» Your task
First find the line with "Definition contains (alpha" in the entries below, then set down exactly every line through the line with "Definition Av_gf_coef (mu", that line included.
________________
(* If $\mu$ is a super-strict partition, then the generating function $\sum_{n\ge1}|\mathrm{Av}_n(\mu)|z^n$ is a rational function of $z$.
   Context: A partition is a weakly decreasing sequence of nonnegative integers with finitely many nonzero parts, identified with its Ferrers board. $\alpha$ contains $\mu$ if one can delete some rows and some columns of the Ferrers board of $\alpha$ so that after top/left-justifying the remaining boxes one obtains $\mu$; otherwise $\alpha$ avoids $\mu$. $\mathrm{Av}_n(\mu)$ is the set of partitions of weight $n$ avoiding $\mu$. A partition is super-strict if any two of its positive parts differ by at least $2$. *)

From HB Require Import structures.
From mathcomp Require Import all_boot all_order all_algebra.
From Stdlib Require Import ClassicalEpsilon.
Set Implicit Arguments. Unset Strict Implicit. Unset Printing Implicit Defensive.
Import GRing.Theory.

(* A partition is represented by the list of its positive parts, in weakly
   decreasing order (trailing zeros omitted). *)
Definition is_partition (s : seq nat) : bool :=
  sorted geq s && all (fun x => 0 < x) s.

Definition super_strict (mu : seq nat) : Prop :=
  forall i j, i < j < size mu -> nth 0 mu j + 2 <= nth 0 mu i.

(* The Ferrers board of alpha is {(i,j) | j < alpha_i} (0-indexed).
   Keeping the rows r (a subsequence of alpha) and the set of columns C,
   row a keeps the boxes j in C with j < a; after left-justifying, its length
   is count (fun j => j < a) C; the kept row lengths are weakly decreasing, so
   top-justifying only removes the empty rows. *)
Definition contains (alpha mu : seq nat) : Prop :=
  exists (r C : seq nat), [/\ subseq r alpha, uniq C &
    [seq x <- [seq count (fun j => j < a) C | a <- r] | 0 < x] = mu].

Definition containsb (alpha mu : seq nat) : bool :=
  if excluded_middle_informative (contains alpha mu) then true else false.

(* all sequences of length <= n with entries <= n (a superset of the
   partitions of n) *)
Definition cand (n : nat) : seq (seq nat) :=
  flatten [seq [seq map (@nat_of_ord n.+1) (tval t) | t <- enum {: k.-tuple 'I_n.+1}]
          | k <- iota 0 n.+1].

Definition Av_card (n : nat) (mu : seq nat) : nat :=
  count (fun p => [&& is_partition p, sumn p == n & ~~ containsb p mu])
        (undup (cand n)).

(* f : nat -> rat, viewed as the formal power series sum_n f n z^n, is rational:
   Q * F = P as formal power series with Q(0) <> 0, i.e. F = P/Q. *)
Definition rational_series (f : nat -> rat) : Prop :=
  exists P Q : {poly rat}, (Q`_0 != 0)%R /\
    forall n, (\sum_(i < n.+1) Q`_i * f (n - i)%N = P`_n)%R.

Definition Av_gf_coef (mu : seq nat) (n : nat) : rat :=
  if n == 0%N then 0%R else ((Av_card n mu)%:R)%R.

From mathcomp Require Import all_boot all_order all_algebra.
From Stdlib Require Import ClassicalEpsilon.
From mathcomp Require Import zify.
Set Implicit Arguments. Unset Strict Implicit. Unset Printing Implicit Defensive.
Import GRing.Theory.

(* List the parts of mu increasingly, x_1 < ... < x_k, with gaps
   g_i = x_(i+1) - x_i >= 2.  A partition alpha contains mu exactly when it has
   parts u_1 < ... < u_k with u_1 >= x_1 and u_(i+1) >= u_i + g_i: the rows u_i
   together with suitable columns realise mu, and conversely the kept rows of an
   occurrence form such a chain.  A chain exists iff the greedy choice (always
   the least admissible part) never gets stuck, so alpha avoids mu iff the
   greedy walk gets stuck after exactly j < k steps, i.e. after the steps
   g_1, ..., g_j it reaches a threshold U and all parts of alpha are below U.

   Counting the partitions of n whose greedy walk along a list of steps ends at
   U with all parts below U + e is done by induction on the list of steps:
   subtracting e from the largest part is a bijection which yields a linear
   recurrence a_n = a_(n-e) + r_n whose inhomogeneous term r is a difference of
   two counts for the shorter list; the base case counts partitions with
   bounded parts.  Absorbing the cap into the last step g turns a cap 0 into
   a shift by g - 1, which is positive because mu is super-strict. *)

Section RationalSeries.
Local Open Scope ring_scope.

Definition trunc_series (f : nat -> rat) (N : nat) : {poly rat} := \poly_(i < N) f i.

Definition eqmodX (N : nat) (p q : {poly rat}) : Prop :=
  forall n, (n < N)%N -> p`_n = q`_n.

Lemma eqmodX_add N p p' q q' :
  eqmodX N p p' -> eqmodX N q q' -> eqmodX N (p + q) (p' + q').
Proof. by move=> hp hq n hn; rewrite !coefD hp ?hq. Qed.

Lemma eqmodX_mul N p p' q q' :
  eqmodX N p p' -> eqmodX N q q' -> eqmodX N (p * q) (p' * q').
Proof.
move=> hp hq n hn; rewrite !coefM; apply: eq_bigr => i _.
have hi : (i <= n)%N by rewrite -ltnS.
by rewrite hp ?hq //; [exact: leq_ltn_trans (leq_subr _ _) hn | exact: leq_ltn_trans hi hn].
Qed.

Lemma eqmodX_trans N p q r : eqmodX N p q -> eqmodX N q r -> eqmodX N p r.
Proof. by move=> h1 h2 n hn; rewrite h1 ?h2. Qed.

Lemma rational_seriesP f : rational_series f <->
  exists P Q : {poly rat}, Q`_0 != 0 /\ forall N, eqmodX N (Q * trunc_series f N) P.
Proof.
split=> -[P [Q [hQ h]]]; exists P, Q; split=> //.
  move=> N n hn; rewrite coefM -h; apply: eq_bigr => i _.
  by rewrite coef_poly (leq_ltn_trans (leq_subr _ _) hn).
move=> n; have := h n.+1 n (ltnSn n); rewrite coefM => <-; apply: eq_bigr => i _.
by rewrite coef_poly ltnS leq_subr.
Qed.

Lemma eq_rational_series f g : f =1 g -> rational_series f -> rational_series g.
Proof.
move=> h [P [Q [hQ hr]]]; exists P, Q; split=> // n; rewrite -hr.
by apply: eq_bigr => i _; rewrite h.
Qed.

Lemma rational_seriesD f g : rational_series f -> rational_series g ->
  rational_series (fun n => f n + g n).
Proof.
move=> /rational_seriesP [P1 [Q1 [h1 e1]]] /rational_seriesP [P2 [Q2 [h2 e2]]].
apply/rational_seriesP; exists (Q2 * P1 + Q1 * P2), (Q1 * Q2); split.
  by rewrite coef0M mulf_neq0.
move=> N; have -> : trunc_series (fun n => f n + g n) N = trunc_series f N + trunc_series g N.
  by apply/polyP => i; rewrite coefD !coef_poly; case: ifP; rewrite ?addr0.
rewrite mulrDr.
have -> : Q1 * Q2 * trunc_series f N = Q2 * (Q1 * trunc_series f N).
  by rewrite mulrA (mulrC Q2).
have -> : Q1 * Q2 * trunc_series g N = Q1 * (Q2 * trunc_series g N) by rewrite mulrA.
by apply: eqmodX_add; apply: eqmodX_mul.
Qed.

Lemma rational_seriesZ c f : rational_series f -> rational_series (fun n => c * f n).
Proof.
move=> /rational_seriesP [P [Q [hQ e]]]; apply/rational_seriesP.
exists (c%:P * P), Q; split=> // N.
have -> : trunc_series (fun n => c * f n) N = c%:P * trunc_series f N.
  by apply/polyP => i; rewrite coefCM !coef_poly; case: ifP; rewrite ?mulr0.
by rewrite mulrA (mulrC Q) -mulrA; apply: eqmodX_mul.
Qed.

Lemma rational_series_finite f N0 :
  (forall n, (N0 <= n)%N -> f n = 0) -> rational_series f.
Proof.
move=> hf; apply/rational_seriesP; exists (trunc_series f N0), 1; split.
  by rewrite coef1.
by move=> N n hn; rewrite mul1r !coef_poly hn; case: ltnP => // /hf.
Qed.

(* A solution of a_n = a_(n-e) + r_n (with a_n = r_n for n < e) is rational when
   r is: (1 - z^e) A = R. *)
Lemma rational_series_rec (a r : nat -> rat) (e : nat) : (0 < e)%N ->
  rational_series r ->
  (forall n, a n = (if (e <= n)%N then a (n - e)%N else 0) + r n) ->
  rational_series a.
Proof.
move=> he /rational_seriesP [P [Q [hQ hr]]] ha; apply/rational_seriesP.
exists P, ((1 - 'X^e) * Q); split.
  by rewrite coef0M coefB coef1 coefXn; case: (e) he => // e' _; rewrite subr0 mul1r.
move=> N; have hrec : eqmodX N ((1 - 'X^e) * trunc_series a N) (trunc_series r N).
  move=> n hn; rewrite mulrBl mul1r coefB coefXnM !coef_poly hn ha.
  case: ltnP => hen; first by rewrite subr0 add0r.
  by rewrite (leq_ltn_trans (leq_subr _ _) hn) addrC addKr.
rewrite -mulrA (mulrC Q) mulrA; apply: eqmodX_trans (hr N).
by rewrite (mulrC _ Q); apply: eqmodX_mul.
Qed.

Lemma rational_series_sum (K : nat) (f : nat -> nat -> rat) :
  (forall j, (j < K)%N -> rational_series (f j)) ->
  rational_series (fun n => \sum_(j < K) f j n).
Proof.
elim: K => [|K IH] h.
  by apply: (@rational_series_finite _ 0) => n _; rewrite big_ord0.
have hK := rational_seriesD (IH (fun j hj => h j (ltnW hj))) (h K (ltnSn K)).
by apply: eq_rational_series hK => n; rewrite big_ord_recr.
Qed.

Lemma rational_series_drop0 f : rational_series f ->
  rational_series (fun n => if n == 0%N then 0 else f n).
Proof.
move=> hf; have hc : rational_series (fun n => if n == 0%N then - f 0%N else 0).
  by apply: (@rational_series_finite _ 1) => -[|n].
by apply: eq_rational_series (rational_seriesD hf hc) => -[|n] /=; rewrite ?subrr ?addr0.
Qed.

End RationalSeries.

Lemma geq_trans : transitive geq.
Proof. by move=> y x z h1 h2; exact: leq_trans h2 h1. Qed.

Lemma geq_total : total geq.
Proof. by move=> x y; exact: leq_total. Qed.

Lemma geq_anti : antisymmetric geq.
Proof. by move=> x y h; apply/eqP; rewrite eqn_leq andbC. Qed.

Lemma part_pos p x : is_partition p -> x \in p -> 0 < x.
Proof. by case/andP => _ /allP h /h. Qed.

Lemma part_cons a s :
  is_partition (a :: s) = [&& path geq a s, 0 < a & is_partition s].
Proof.
rewrite /is_partition /=; case h: (path geq a s) => //=.
by rewrite (path_sorted h) andbA.
Qed.

Lemma part_head p x : is_partition p -> x \in p -> x <= head 0 p.
Proof.
case: p => // a s /andP [hs _]; rewrite inE => /orP [/eqP -> //|hx].
by have /allP := order_path_min geq_trans hs; move/(_ x hx).
Qed.

Lemma head_max p M : is_partition p -> M \in p -> (forall x, x \in p -> x <= M) ->
  head 0 p = M.
Proof.
move=> hp hM hall; apply/eqP; rewrite eqn_leq part_head // andbT.
by case: p hp hM hall => // a s _ _ h; apply: h; rewrite mem_head.
Qed.

Lemma mem_sumn p x : x \in p -> x <= sumn p.
Proof.
elim: p => // a s IH; rewrite inE /= => /orP [/eqP ->|/IH h]; first exact: leq_addr.
exact: leq_trans h (leq_addl _ _).
Qed.

Lemma part_size p : is_partition p -> size p <= sumn p.
Proof.
elim: p => // a s IH /andP [hs /= /andP [ha hall]] /=.
rewrite -add1n leq_add //; apply: IH; rewrite /is_partition hall andbT.
exact: path_sorted hs.
Qed.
________________
» Output below
Definition contains (alpha mu : seq nat) : Prop :=
  exists (r C : seq nat), [/\ subseq r alpha, uniq C &
    [seq x <- [seq count (fun j => j < a) C | a <- r] | 0 < x] = mu].

Definition containsb (alpha mu : seq nat) : bool :=
  if excluded_middle_informative (contains alpha mu) then true else false.

(* all sequences of length <= n with entries <= n (a superset of the
   partitions of n) *)
Definition cand (n : nat) : seq (seq nat) :=
  flatten [seq [seq map (@nat_of_ord n.+1) (tval t) | t <- enum {: k.-tuple 'I_n.+1}]
          | k <- iota 0 n.+1].

Definition Av_card (n : nat) (mu : seq nat) : nat :=
  count (fun p => [&& is_partition p, sumn p == n & ~~ containsb p mu])
        (undup (cand n)).

(* f : nat -> rat, viewed as the formal power series sum_n f n z^n, is rational:
   Q * F = P as formal power series with Q(0) <> 0, i.e. F = P/Q. *)
Definition rational_series (f : nat -> rat) : Prop :=
  exists P Q : {poly rat}, (Q`_0 != 0)%R /\
    forall n, (\sum_(i < n.+1) Q`_i * f (n - i)%N = P`_n)%R.

Definition Av_gf_coef (mu : seq nat) (n : nat) : rat :=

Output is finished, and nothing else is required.